AFI 11-2C-130v3 - BITS

AFI11-2C-130V3 23 APRIL 2012 157
11.14.3.2. When taking heading checks at high latitudes, it is advisable to place data into
the periscopic sextant to give the true heading and convert this heading to grid by
applying the assumed LONG/CA.
11.14.4. Construction and use of the ZN graph is optional. The ZN graph is based upon the
route of flight and dead reckoning. See AFPAM 11-216 for construction procedures.
11.14.5. Departure Requirements:
11.14.5.1. Polar true/grid courses as reflected in FLIP terminal charts will be used for
departures in polar areas. Before takeoff, visually align the aircraft with the runway
heading and set the polar true/grid course of the runway in the aircraft's directional gyros.
The navigator will set applicable systems in gyro mode with the correct latitude set.
11.14.5.2. After reaching flight altitude, determine the polar true grid heading and reset
the primary and secondary gyros. The type of chart being used will determine whether
the heading will be polar grid heading or convergence grid heading.
11.14.6. Enroute Requirements:
11.14.6.1. The Grid Entry/Exit section of the AF Form 4116 will be completed prior to
heading reference changes. When entering grid operation, spot grivation should be
applied to the computed magnetic heading to obtain DGH. The aircraft will be
established on the computed magnetic heading prior to resetting the heading references.

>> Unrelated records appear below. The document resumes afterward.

(* Let $i,j\in\mathbb{Z}^2$ be distinct and let $H$ be a finite DAG (finitely many nodes) containing $i$ and $j$ with $\mathrm{An}_H(i)\cap\mathrm{An}_H(j)=\emptyset$. Then $p_{c,2,\mathcal{P},H}=1$.
   Context: Oriented square lattice: node set $\mathbb{Z}^2$, with a directed edge $u\to v$ if and only if $v-u\in\{(1,0),(0,1)\}$; $E(\mathbb{Z}^2)$ denotes this edge set. A DAG $H$ here has $V(H)\subset\mathbb{Z}^2$ and $E(H)\subset E(\mathbb{Z}^2)$; $\mathrm{An}_H(u)$ is $u$ together with all nodes having a directed path to $u$ in $H$. Bernoulli bond percolation with parameter $p$: each edge of $E(\mathbb{Z}^2)$ is independently open with probability $p$; $P_p$ is the product measure. $C(k)$ is the set of nodes joined to $k$ by a path of open edges (orientation ignored), with those open edges. Enlargement $U(H)$: the random DAG with node set $\bigcup_{k\in V(H)}V(C(k))$ and edge set $E(H)\cup\bigcup_{k\in V(H)}E(C(k))$; equivalently, percolation under the measure $P_p^H$ on $\{0,1\}^{E(\mathbb{Z}^2)}$ in which edges of $E(H)$ are open with probability $1$ and all other edges independently open with probability $p$. $U(H)\in\mathcal{P}$ means $\mathrm{An}(i)\cap\mathrm{An}(j)\neq\emptyset$ in $U(H)$ (ancestors via directed open paths). Critical probability: $p_{c,2,\mathcal{P},H}=\inf\{p\in[0,1]: P_p(U(H)\in\mathcal{P})=1\}$. *)

From Stdlib Require Import Reals ZArith List ClassicalEpsilon.
Import ListNotations.
Open Scope R_scope.

Definition node : Type := (Z * Z)%type.
Definition edge : Type := (node * node)%type.

Definition lattice_edge (e : edge) : Prop :=
  let '((a, b), (c, d)) := e in
  (c = a + 1 /\ d = b)%Z \/ (c = a /\ d = b + 1)%Z.

Definition edge_eq_dec (e e' : edge) : {e = e'} + {e <> e'}.
Proof. repeat decide equality; apply Z.eq_dec. Defined.

Inductive reach (ok : edge -> Prop) : node -> node -> Prop :=
| reach_refl : forall u, reach ok u u
| reach_step : forall u w t, lattice_edge (u, w) -> ok (u, w) -> reach ok w t -> reach ok u t.

Definition in_box (n : nat) (u : node) : Prop :=
  (- Z.of_nat n <= fst u <= Z.of_nat n)%Z /\ (- Z.of_nat n <= snd u <= Z.of_nat n)%Z.

Definition zrange (n : nat) : list Z :=
  map (fun k => (Z.of_nat k - Z.of_nat n)%Z) (seq 0 (2 * n + 1)).

Definition box_nodes (n : nat) : list node := list_prod (zrange n) (zrange n).

Definition box_edges (n : nat) : list edge :=
  flat_map (fun u =>
     let '(a, b) := u in
     [ (u, ((a + 1)%Z, b)); (u, (a, (b + 1)%Z)) ]) (box_nodes n).

(** Configurations: omega : edge -> bool (true = open). *)
Definition upd (w : edge -> bool) (e : edge) (b : bool) : edge -> bool :=
  fun e' => if edge_eq_dec e' e then b else w e'.

Definition indicator (P : Prop) : R :=
  if excluded_middle_informative P then 1 else 0.

(** Probability, under independent Bernoulli(p) states of the edges in [l]
    (all other edges taking their value in [w]), of the event [A]. *)
Fixpoint cyl_prob (p : R) (l : list edge) (w : edge -> bool)
         (A : (edge -> bool) -> Prop) : R :=
  match l with
  | [] => indicator (A w)
  | e :: l' => p * cyl_prob p l' (upd w e true) A
               + (1 - p) * cyl_prob p l' (upd w e false) A
  end.

(** Under P_p^H, edge e is open iff it is in E(H) or its Bernoulli state is open. *)
Definition openH (EH : list edge) (w : edge -> bool) (e : edge) : Prop :=
  In e EH \/ w e = true.

Definition event_box (EH : list edge) (i j : node) (n : nat) (w : edge -> bool) : Prop :=
  exists v,
    reach (fun e => openH EH w e /\ in_box n (fst e) /\ in_box n (snd e)) v i /\
    reach (fun e => openH EH w e /\ in_box n (fst e) /\ in_box n (snd e)) v j.

(** P_p(U(H) in P) is the supremum of the increasing cylinder probabilities
    P_p^H(E_n) (continuity of the product measure from below, since the event
    {An(i) cap An(j) <> empty} is the increasing union of the E_n). *)
Definition probP_is (p : R) (EH : list edge) (i j : node) (r : R) : Prop :=
  is_lub (fun x => exists n : nat,
            x = cyl_prob p (box_edges n) (fun _ => false) (event_box EH i j n)) r.

Definition pc_is (EH : list edge) (i j : node) (x : R) : Prop :=
  (forall p, 0 <= p <= 1 -> probP_is p EH i j 1 -> x <= p) /\
  (forall y, (forall p, 0 <= p <= 1 -> probP_is p EH i j 1 -> y <= p) -> y <= x).

(* If p < 1, then with probability at least (1-p)^m, where m bounds the number of
   lattice edges entering V(H), all those edges are closed.  An open directed path
   ending at i or j can then only use edges of H, so i and j would have a common
   ancestor in H itself, which is excluded.  Hence P_p(U(H) in P) <= 1 - (1-p)^m < 1
   for every p < 1, while at p = 1 every box is fully open and the south-west corner
   of i and j is a common ancestor. *)
From Stdlib Require Import Reals ZArith List Lia Lra Psatz ClassicalEpsilon.
Import ListNotations.
Open Scope R_scope.

Lemma pow_le_one (x : R) k : 0 <= x <= 1 -> x ^ k <= 1.
Proof. intros Hx; induction k; simpl; nra. Qed.

Lemma pow_le_pow_le_one (x : R) m n : 0 <= x <= 1 -> (m <= n)%nat -> x ^ n <= x ^ m.
Proof.
  intros Hx Hmn. replace n with (m + (n - m))%nat by lia. rewrite pow_add.
  pose proof (pow_le x m ltac:(lra)). pose proof (pow_le x (n - m) ltac:(lra)).
  pose proof (pow_le_one x (n - m) Hx). nra.
Qed.

Lemma cyl_prob_compl p l w (A : (edge -> bool) -> Prop) :
  cyl_prob p l w A + cyl_prob p l w (fun w' => ~ A w') = 1.
Proof.
  revert w; induction l as [|e l IH]; intros w; simpl.
  - unfold indicator; do 2 destruct excluded_middle_informative; tauto || lra.
  - pose proof (IH (upd w e true)); pose proof (IH (upd w e false)); nra.
Qed.

Lemma cyl_prob_one l w (A : (edge -> bool) -> Prop) :
  (forall w', (forall e, In e l -> w' e = true) -> (forall e, ~ In e l -> w' e = w e) -> A w') ->
  cyl_prob 1 l w A = 1.
Proof.
  revert w; induction l as [|a l IH]; intros w HA; simpl.
  - unfold indicator; destruct excluded_middle_informative as [|nA]; auto.
    exfalso; apply nA, HA; [intros _ []|reflexivity].
  - rewrite IH; [ring|]. intros w' Hl Hout. apply HA.
    + intros e [<-|He]; auto. destruct (in_dec edge_eq_dec a l); auto.
      rewrite Hout by assumption. unfold upd; destruct edge_eq_dec; congruence.
    + intros e He. rewrite Hout by (intro; apply He; right; assumption).
      unfold upd; destruct edge_eq_dec; [subst; exfalso; apply He; left|]; auto.
Qed.

Definition all_closed (L : list edge) (w : edge -> bool) : Prop :=
  forall e, In e L -> w e = false.

Section Bernoulli.

Variable p : R.
Hypothesis Hp : 0 <= p <= 1.

Lemma cyl_prob_bounds l w A : 0 <= cyl_prob p l w A <= 1.
Proof.
  revert w; induction l as [|e l IH]; intros w; simpl.
  - unfold indicator; destruct excluded_middle_informative; lra.
  - pose proof (IH (upd w e true)); pose proof (IH (upd w e false)); nra.
Qed.

Lemma cyl_prob_le l w (A B : (edge -> bool) -> Prop) :
  (forall w', A w' -> B w') -> cyl_prob p l w A <= cyl_prob p l w B.
Proof.
  intros AB; revert w; induction l as [|e l IH]; intros w; simpl.
  - unfold indicator; do 2 destruct excluded_middle_informative; try lra.
    exfalso; auto.
  - pose proof (IH (upd w e true)); pose proof (IH (upd w e false)); nra.
Qed.

(* [l] may repeat edges, so each edge of [L] is charged a factor [1 - p] only at its
   last occurrence in [l]; [M] keeps count of the edges still to be charged. *)
Lemma cyl_prob_all_closed_ge L l w M :
  (forall e, In e L -> ~ In e l -> w e = false) ->
  (forall e, In e L -> In e l -> In e M) ->
  (1 - p) ^ length M <= cyl_prob p l w (all_closed L).
Proof.
  revert w M; induction l as [|e l IH]; intros w M Hw HM; simpl.
  - unfold indicator; destruct excluded_middle_informative as [_|nclosed].
    + apply pow_le_one; lra.
    + exfalso; apply nclosed; intros e He; apply Hw; auto.
  - assert (Hupd : forall b, b = false \/ In e l \/ ~ In e L ->
              forall e', In e' L -> ~ In e' l -> upd w e b e' = false).
    { intros b Hb e' He' Hl. unfold upd; destruct edge_eq_dec as [->|ne].
      - tauto.
      - apply Hw; [assumption|intros [->|]; tauto]. }
    pose proof (cyl_prob_bounds l (upd w e true) (all_closed L)).
    destruct (in_dec edge_eq_dec e L) as [eL|eL];
      [destruct (in_dec edge_eq_dec e l) as [el|el]|].
    2: {
      assert (Hlen := remove_length_lt edge_eq_dec M e (HM e eL (or_introl eq_refl))).
      assert (IHfalse : (1 - p) ^ length (remove edge_eq_dec e M)
                        <= cyl_prob p l (upd w e false) (all_closed L)).
      { apply IH; [apply Hupd; tauto|].
        intros e' He' Hl. apply in_in_remove; [intros ->; tauto|apply HM; simpl; auto]. }
      pose proof (pow_le_pow_le_one (1 - p) _ _ ltac:(lra) Hlen). simpl in *. nra. }
    all: assert (IHtrue : (1 - p) ^ length M <= cyl_prob p l (upd w e true) (all_closed L))
           by (apply IH; [apply Hupd; tauto|intros; apply HM; simpl; auto]).
    all: assert (IHfalse : (1 - p) ^ length M <= cyl_prob p l (upd w e false) (all_closed L))
           by (apply IH; [apply Hupd; tauto|intros; apply HM; simpl; auto]).
    all: nra.
Qed.

Lemma cyl_prob_avoid_all_closed_le L l (A : (edge -> bool) -> Prop) :
  (forall w, A w -> ~ all_closed L w) ->
  cyl_prob p l (fun _ => false) A <= 1 - (1 - p) ^ length L.
Proof.
  intros HA.
  pose proof (cyl_prob_le l (fun _ => false) _ _ HA).
  pose proof (cyl_prob_compl p l (fun _ => false) (all_closed L)).
  pose proof (cyl_prob_all_closed_ge L l (fun _ => false) L
                ltac:(reflexivity) ltac:(auto)).
  lra.
Qed.

End Bernoulli.

Lemma reach_trans ok u v t : reach ok u v -> reach ok v t -> reach ok u t.
Proof. induction 1; intros; auto. eapply reach_step; eauto. Qed.

Lemma reach_right (ok : edge -> Prop) k a b :
  (forall x, (a <= x < a + Z.of_nat k)%Z -> ok ((x, b), ((x + 1)%Z, b))) ->
  reach ok (a, b) ((a + Z.of_nat k)%Z, b).
Proof.
  revert a; induction k as [|k IH]; intros a Hok.
  - rewrite Z.add_0_r; constructor.
  - apply reach_step with ((a + 1)%Z, b); [simpl; auto|apply Hok; lia|].
    replace (a + Z.of_nat (S k))%Z with (a + 1 + Z.of_nat k)%Z by lia.
    apply IH; intros x Hx; apply Hok; lia.
Qed.

Lemma reach_up (ok : edge -> Prop) k a b :
  (forall y, (b <= y < b + Z.of_nat k)%Z -> ok ((a, y), (a, (y + 1)%Z))) ->
  reach ok (a, b) (a, (b + Z.of_nat k)%Z).
Proof.
  revert b; induction k as [|k IH]; intros b Hok.
  - rewrite Z.add_0_r; constructor.
  - apply reach_step with (a, (b + 1)%Z); [simpl; auto|apply Hok; lia|].
    replace (b + Z.of_nat (S k))%Z with (b + 1 + Z.of_nat k)%Z by lia.
    apply IH; intros y Hy; apply Hok; lia.
Qed.

Lemma reach_north_east (ok : edge -> Prop) a b c d :
  (a <= c)%Z -> (b <= d)%Z ->
  (forall x, (a <= x < c)%Z -> ok ((x, b), ((x + 1)%Z, b))) ->
  (forall y, (b <= y < d)%Z -> ok ((c, y), (c, (y + 1)%Z))) ->
  reach ok (a, b) (c, d).
Proof.
  intros Hac Hbd Hright Hup. apply reach_trans with (c, b).
  - pose proof (reach_right ok (Z.to_nat (c - a)) a b) as R.
    rewrite Z2Nat.id in R by lia. replace (a + (c - a))%Z with c in R by lia.
    apply R; intros x Hx; apply Hright; lia.
  - pose proof (reach_up ok (Z.to_nat (d - b)) c b) as R.
    rewrite Z2Nat.id in R by lia. replace (b + (d - b))%Z with d in R by lia.
    apply R; intros y Hy; apply Hup; lia.
Qed.

Lemma in_zrange n a : (- Z.of_nat n <= a <= Z.of_nat n)%Z -> In a (zrange n).
Proof.
  intros Ha. apply in_map_iff. exists (Z.to_nat (a + Z.of_nat n)); split.
  - rewrite Z2Nat.id; lia.
  - apply in_seq; lia.
Qed.

Lemma in_box_edges n u v : in_box n u -> lattice_edge (u, v) -> In (u, v) (box_edges n).
Proof.
  destruct u as [a b], v as [c d]; intros [Ha Hb] Hl. apply in_flat_map.
  exists (a, b); split; [apply in_prod; apply in_zrange; auto|].
  destruct Hl as [[-> ->]|[-> ->]]; simpl; auto.
Qed.

Lemma reach_in_open_box EH n (w : edge -> bool) a b c d :
  (forall e, In e (box_edges n) -> w e = true) ->
  in_box n (a, b) -> in_box n (c, d) -> (a <= c)%Z -> (b <= d)%Z ->
  reach (fun e => openH EH w e /\ in_box n (fst e) /\ in_box n (snd e)) (a, b) (c, d).
Proof.
  intros Hopen [Ha Hb] [Hc Hd] Hac Hbd; simpl in *.
  apply reach_north_east; auto.
  - intros x Hx. assert (Hbox : in_box n (x, b)) by (split; simpl; lia).
    split; [right; apply Hopen, in_box_edges; simpl; auto|].
    split; [|split; simpl]; auto; lia.
  - intros y Hy. assert (Hbox : in_box n (c, y)) by (split; simpl; lia).
    split; [right; apply Hopen, in_box_edges; simpl; auto|].
    split; [|split; simpl]; auto; lia.
Qed.

Lemma reach_restrict (VH : list node) (EH : list edge) (ok : edge -> Prop) v t :
  (forall e, In e EH -> In (fst e) VH) ->
  (forall e, ok e -> lattice_edge e -> In (snd e) VH -> In e EH) ->
  reach ok v t -> In t VH -> reach (fun e => In e EH) v t.
Proof.
  intros Htail Hok Hr Ht.
  enough (In v VH /\ reach (fun e => In e EH) v t) by tauto.
  induction Hr as [u|u x t Hl Hux _ IH]; [split; [auto|constructor]|].
  destruct (IH Ht) as [Hx Hxt].
  assert (Hin : In (u, x) EH) by (apply Hok; auto).
  split; [apply (Htail _ Hin)|eapply reach_step; eauto].
Qed.

Definition incoming_edges (VH : list node) : list edge :=
  flat_map (fun v => [(((fst v - 1)%Z, snd v), v); ((fst v, (snd v - 1)%Z), v)]) VH.

Lemma in_incoming_edges VH u v : lattice_edge (u, v) -> In v VH -> In (u, v) (incoming_edges VH).
Proof.
  destruct u as [a b], v as [c d]; intros Hl Hv. apply in_flat_map.
  exists (c, d); split; auto.
  destruct Hl as [[-> ->]|[-> ->]]; simpl; rewrite Z.add_simpl_r; auto.
Qed.

Section DisjointAncestors.

Variables (VH : list node) (EH : list edge) (i j : node).
Hypothesis Hedges : forall e, In e EH -> lattice_edge e /\ In (fst e) VH /\ In (snd e) VH.
Hypotheses (Hi : In i VH) (Hj : In j VH).
Hypothesis Hdisj : ~ exists v, reach (fun e => In e EH) v i /\ reach (fun e => In e EH) v j.

Lemma event_box_not_all_closed n w :
  event_box EH i j n w -> ~ all_closed (incoming_edges VH) w.
Proof.
  intros [v [Hvi Hvj]] Hclosed.
  assert (Htail : forall e, In e EH -> In (fst e) VH) by (intros e He; apply Hedges, He).
  assert (Hok : forall e, openH EH w e /\ in_box n (fst e) /\ in_box n (snd e) ->
                  lattice_edge e -> In (snd e) VH -> In e EH).
  { intros [u x] [[Hin|Hopen] _] Hl Hx; auto.
    rewrite (Hclosed _ (in_incoming_edges VH u x Hl Hx)) in Hopen; discriminate. }
  apply Hdisj; exists v; split; apply (reach_restrict VH EH _ v _ Htail Hok); assumption.
Qed.

Lemma not_probP_is_one p : 0 <= p < 1 -> ~ probP_is p EH i j 1.
Proof.
  intros Hp [_ Hleast].
  assert (Hc : 0 < (1 - p) ^ length (incoming_edges VH)) by (apply pow_lt; lra).
  enough (1 <= 1 - (1 - p) ^ length (incoming_edges VH)) by lra.
  apply Hleast; intros x [n ->].
  apply cyl_prob_avoid_all_closed_le; [lra|apply event_box_not_all_closed].
Qed.

End DisjointAncestors.

Lemma probP_is_one_at_one EH i j : probP_is 1 EH i j 1.
Proof.
  split.
  - intros x [n ->]. apply cyl_prob_bounds; lra.
  - intros b Hb. apply Hb.
    destruct i as [i1 i2], j as [j1 j2].
    exists (Z.to_nat (Z.abs i1 + Z.abs i2 + Z.abs j1 + Z.abs j2)).
    symmetry; apply cyl_prob_one; intros w Hopen _.
    exists (Z.min i1 j1, Z.min i2 j2).
    split; apply reach_in_open_box; auto; unfold in_box; simpl; lia.
Qed.

Theorem mainTheorem8 (VH : list node) (EH : list edge) (i j : node)
  (Hedges : forall e, In e EH -> lattice_edge e /\ In (fst e) VH /\ In (snd e) VH)
  (Hi : In i VH) (Hj : In j VH) (Hij : i <> j)
  (Hdisj : ~ exists v, reach (fun e => In e EH) v i /\ reach (fun e => In e EH) v j) :
  pc_is EH i j 1.
Proof.
  split.
  - intros p Hp HP. destruct (Rle_lt_dec 1 p) as [|Hlt]; auto.
    exfalso; apply (not_probP_is_one VH EH i j Hedges Hi Hj Hdisj p); auto; lra.
  - intros y Hy. apply Hy; [lra|apply probP_is_one_at_one].
Qed.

When exiting grid, the computed magnetic headings will be the target heading when the
compass systems are reset. In both cases, the computed magnetic headings will be
compared to the flight plan to verify the accuracy of the courses measured and conversion
data used. This will ensure the validity of initial entry headings and provide precise target
headings for exit.
11.14.6.2. Normally, the grid heading will be checked each 30-minutes after grid entry.
If the compasses are precessing 3 degrees per hour or less, hourly checks may be
obtained after the first hour. NOTE: On aircraft with reliable SCNS/INS, if the
SCNS/INS heading is within 2 degrees of the initial celestial-derived grid heading, the
SCNS/INS may be used to determine gyro precession.
11.14.6.3. Determine the precession information for each gyro after each heading check.
When a gyro‘s precession is greater than 1 degree, reset the gyro to correct grid heading.
When the period precession is 1 degree or less, the navigator may either reset the gyro or
treat the precession as zero.
11.14.6.4. Whenever the period precession is greater that 1 degree (optional for 1 degree
or less), the hourly precession rate may be removed by use of a false latitude setting.
When the combined earth rate and gyro precession are less than +15 degrees/hour, the
false latitude setting will totally compensate for precession. Two considerations are
necessary:
11.14.6.4.1. Predicted precession becomes zero.
11.14.6.4.2. It may be necessary to adjust previous DR and air plot positions if the
precession rate changes at subsequent heading checks. If this occurs, adjustments
normally will be small and have negligible effect on DR and air plot accuracy;
however, the effect should be considered.